Gender Expectations and Inequalities

The supplement sheds light on persisting gender expectations that adolescents grapple with. Girls are often molded to be ‘modest and polite,’ while boys are encouraged to be ‘brave and independent.’ These expectations contribute to broader inequalities related to poverty, education, and employment, affecting adolescent health and well-being along gender lines. For instance, boys may be more prone to injuries, tobacco, and alcohol use, while girls face higher risks of intimate partner violence.

A Time-Bound Opportunity

The progress made over the last 25 years has elevated adolescent SRHR on global agendas, attracting increased investment and fostering a growing evidence base. Advocacy movements and governmental responses in select countries signal a positive shift. Looking forward, there is a unique opportunity to build on these advancements and empower all adolescents to achieve their full potential.

Strategic Considerations and Future Actions

We, as a society, must emphasize the need for comprehensive SRHR interventions tailored to adolescents, touching upon political and social support, funding, laws and policies, data and evidence, and scalable program implementation.
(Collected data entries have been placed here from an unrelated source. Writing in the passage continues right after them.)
Lemma sum_divisors_dvdn c x G : (0 < c)%N ->
  \sum_(0 <= z < x | (z %| x)%N) (if (c %| z)%N then G (z %/ c)%N else 0) =
  if (c %| x)%N then \sum_(0 <= w < (x %/ c)%N | (w %| x %/ c)%N) G w else 0.
Proof.
move=> c_gt0; have [/dvdnP[q ->]|ndvd] := boolP (c %| x)%N; last first.
  by rewrite big1 // => z z_x; case: ifP => // /dvdn_trans/(_ z_x); rewrite (negPf ndvd).
rewrite mulnK // big_mkcond /=.
rewrite (eq_bigr (fun z => if (c %| z)%N then
  (if (z %| q * c)%N then G (z %/ c)%N else 0) else 0)); last by move=> z _; do 2 case: ifP.
rewrite -big_mkcond mulnC big_nat_dvdn // [RHS]big_mkcond.
by apply: eq_bigr => w _; rewrite dvdn_pmul2l // mulKn.
Qed.

Lemma sum_proper_divisors_flip m F : (0 < m)%N ->
  \sum_(0 <= u < m | (u %| m)%N) F u = \sum_(2 <= x < m.+1 | (x %| m)%N) F (m %/ x)%N.
Proof.
move=> m_gt0; have divK d : (d %| m)%N -> (m %/ (m %/ d))%N = d.
  by move=> d_m; rewrite divnA // mulKn.
rewrite -big_filter -[RHS]big_filter -(big_map (fun x => m %/ x)%N xpredT F).
apply: perm_big; apply: uniq_perm; rewrite ?filter_uniq ?iota_uniq //.
  rewrite map_inj_in_uniq ?filter_uniq ?iota_uniq // => x1 x2.
  rewrite !mem_filter => /andP[x1_m _] /andP[x2_m _] eq_div.
  by rewrite -(divK _ x1_m) eq_div divK.
move=> u; rewrite mem_filter mem_index_iota /=; apply/andP/mapP.
  move=> [u_m lt_u_m]; exists (m %/ u)%N; last by rewrite divK.
  have u_gt0 : (0 < u)%N by apply: dvdn_gt0 u_m.
  by rewrite mem_filter mem_index_iota dvdn_div //= ltn_divRL // mul1n lt_u_m ltnS leq_div.
move=> [x]; rewrite mem_filter mem_index_iota => /andP[x_m /andP[x_ge2 _]] ->.
by rewrite dvdn_div // ltn_Pdiv.
Qed.

Lemma big_nat1_support j M F : F 0%N = 0 -> (forall k, (j < k)%N -> F k = 0) -> (j < M)%N ->
  \sum_(1 <= k < M) F k = \sum_(0 <= k < j.+1) F k.
Proof.
move=> F0 F_gt_j lt_jM.
by rewrite -(big_nat_widen0 (B := M)) // (big_ltn (leq_ltn_trans (leq0n j) lt_jM)) F0 add0r.
Qed.

Lemma divisor_sum_inj (U : zmodType) (F G : nat -> U) :
  (forall x, (0 < x)%N ->
     \sum_(0 <= z < x.+1 | (z %| x)%N) F z = \sum_(0 <= z < x.+1 | (z %| x)%N) G z) ->
  forall x, (0 < x)%N -> F x = G x.
Proof.
move=> eq_sums x; elim/ltn_ind: x => x IH x_gt0.
have split_last H : \sum_(0 <= z < x.+1 | (z %| x)%N) H z =
    \sum_(0 <= z < x | (z %| x)%N) H z + H x :> U.
  by rewrite big_mkcond big_nat_recr //= dvdnn -big_mkcond.
have eq_proper : \sum_(0 <= z < x | (z %| x)%N) F z = \sum_(0 <= z < x | (z %| x)%N) G z.
  rewrite big_nat_cond [RHS]big_nat_cond; apply: eq_bigr => z /andP[/andP[_ lt_zx] z_x].
  by apply: IH; rewrite // (dvdn_gt0 x_gt0).
by move: (eq_sums x x_gt0); rewrite (split_last F) (split_last G) eq_proper => /addrI.
Qed.

Lemma sum_nat_indicator (R : pzSemiRingType) (P : pred nat) a n :
  \sum_(0 <= t < n | P t) (t == a)%:R = (P a && (a < n)%N)%:R :> R.
Proof.
rewrite (eq_bigr (fun t => if t == a then 1 else 0)) => [|t _]; last by case: (t == a).
by rewrite -big_mkcondr big_nat1_cond_eq andbC; case: (_ && _).
Qed.

Lemma sum_odd_mul_eq (R : pzRingType) n x : (0 < n)%N ->
  \sum_(0 <= t < x.+1 | odd t) (n * t == x)%:R = (n %| x)%:R - (2 * n %| x)%:R :> R.
Proof.
move=> n_gt0; have [/dvdnP[q ->]|n_ndvd] := boolP (n %| x)%N; last first.
  have /negPf-> : ~~ (2 * n %| x)%N by apply: contra n_ndvd; apply: dvdn_trans; apply: dvdn_mull.
  rewrite subr0 big1 // => t _; case: eqP => // def_x.
  by case/negP: n_ndvd; rewrite -def_x dvdn_mulr.
under eq_bigr do rewrite [(q * n)%N]mulnC eqn_pmul2l //.
rewrite sum_nat_indicator dvdn_pmul2r // dvdn2 ltnS leq_pmulr // andbT.
by case: (odd q); rewrite ?subr0 ?subrr.
Qed.

End NatRangeSums.

Lemma proper_divisor_double_le u m : u %| m -> u < m -> 2 * u <= m.
Proof. by case/dvdnP=> [[|[|q]] ->]; lia. Qed.

(* Telescoping form of sum_(2 <= x <= n+1) 1/x^2 <= 1 - 1/(n+1). *)
Lemma sum_sqr_div_le N n :
  n.+1 * \sum_(2 <= x < n.+2) (N %/ x) ^ 2 <= n * N ^ 2.
Proof.
elim: n => [|n IH]; first by rewrite big_geq.
rewrite big_nat_recr //=; set S := \sum_(2 <= x < n.+2) _ in IH *.
have q_sqr_le : (N %/ n.+2) ^ 2 * n.+2 ^ 2 <= N ^ 2.
  by rewrite -expnMn leq_exp2r // leq_divM.
nia.
Qed.

Lemma sum_sqr_div_le_sqr N : \sum_(2 <= x < N.+1) (N %/ x) ^ 2 <= N ^ 2.
Proof.
case: N => [|n]; first by rewrite big_geq.
have := sum_sqr_div_le n.+1 n; set S := \sum_(_ <= _ < _) _; nia.
Qed.

Lemma sum_proper_divisors_sqr_le m : \sum_(0 <= u < m | u %| m) u ^ 2 <= m ^ 2.
Proof.
case: (posnP m) => [->|m_gt0]; first by rewrite big_geq.
rewrite (sum_proper_divisors_flip (V := nat)) //.
apply: leq_trans (sum_sqr_div_le_sqr m); rewrite [X in _ <= X](bigID (dvdn^~ m)) /=.
exact: leq_addr.
Qed.

(* [alpha k m] is [alpha_bounded k m m]; a bound N independent of m is what
   makes the recursion on the first factor possible. *)
Definition alpha_bounded (k N m : nat) : nat :=
  #|[pred t : k.-tuple 'I_N.+1 |
       all (fun x : 'I_N.+1 => 2 <= x) t && (\prod_(x <- t) x == m)]|.

Lemma alpha_bounded0 N m : alpha_bounded 0 N m = (m == 1).
Proof.
rewrite /alpha_bounded (eq_card (B := if m == 1 then predT else pred0)).
  by case: (m == 1); rewrite ?card0 // card_tuple.
by move=> t; rewrite inE tuple0 big_nil (eq_sym 1 m); case: (m == 1).
Qed.

Lemma alpha_boundedS k N m :
  alpha_bounded k.+1 N m = \sum_(2 <= x < N.+1 | x %| m) alpha_bounded k N (m %/ x).
Proof.
rewrite /alpha_bounded -sum1_card big_mkcond /=.
rewrite (reindex (fun p : 'I_N.+1 * k.-tuple 'I_N.+1 => [tuple of p.1 :: p.2])) /=; last first.
  exists (fun t : k.+1.-tuple 'I_N.+1 => (thead t, behead_tuple t)).
    by move=> [x t] _ /=; congr pair; apply: val_inj.
  by move=> t _; rewrite [RHS]tuple_eta; apply: val_inj.
rewrite -(pair_bigA _ (fun (x : 'I_N.+1) (t : k.-tuple 'I_N.+1) =>
  if [tuple of x :: t] \in _ then 1 else 0)) /=.
rewrite big_geq_mkord [RHS]big_mkcond; apply: eq_bigr => x _.
case: (boolP (2 <= x)) => x_ge2; last first.
  by rewrite andbF big1 // => t _; rewrite inE /= (negbTE x_ge2).
rewrite andbT; case: (boolP (x %| m)) => [/dvdnP[q ->]|x_ndvd].
  rewrite -sum1_card [RHS]big_mkcond; apply: eq_bigr => t _.
  rewrite !inE /= big_cons x_ge2 mulnK; last by lia.
  by rewrite mulnC eqn_pmul2r //; lia.
apply: big1 => t _; rewrite inE /= big_cons x_ge2 /=.
suff /negPf-> : x * \prod_(j <- t) j != m by rewrite andbF.
by apply: contra x_ndvd => /eqP <-; apply: dvdn_mulr.
Qed.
Adolescents have the right to decide about their bodies and access services supporting those rights. The international agenda is increasingly attentive to these needs, signalling a promising era for adolescent SRHR.


As we navigate the complexities of adolescent SRHR in this century, acknowledging progress, confronting challenges, and taking strategic actions are imperative. Policymakers, healthcare professionals, and advocates must use collective efforts to ensure that every adolescent can exercise their right to comprehensive sexual and reproductive health services. By staying committed to these goals, the world can pave the way for a healthier and more equitable future for the adolescent population.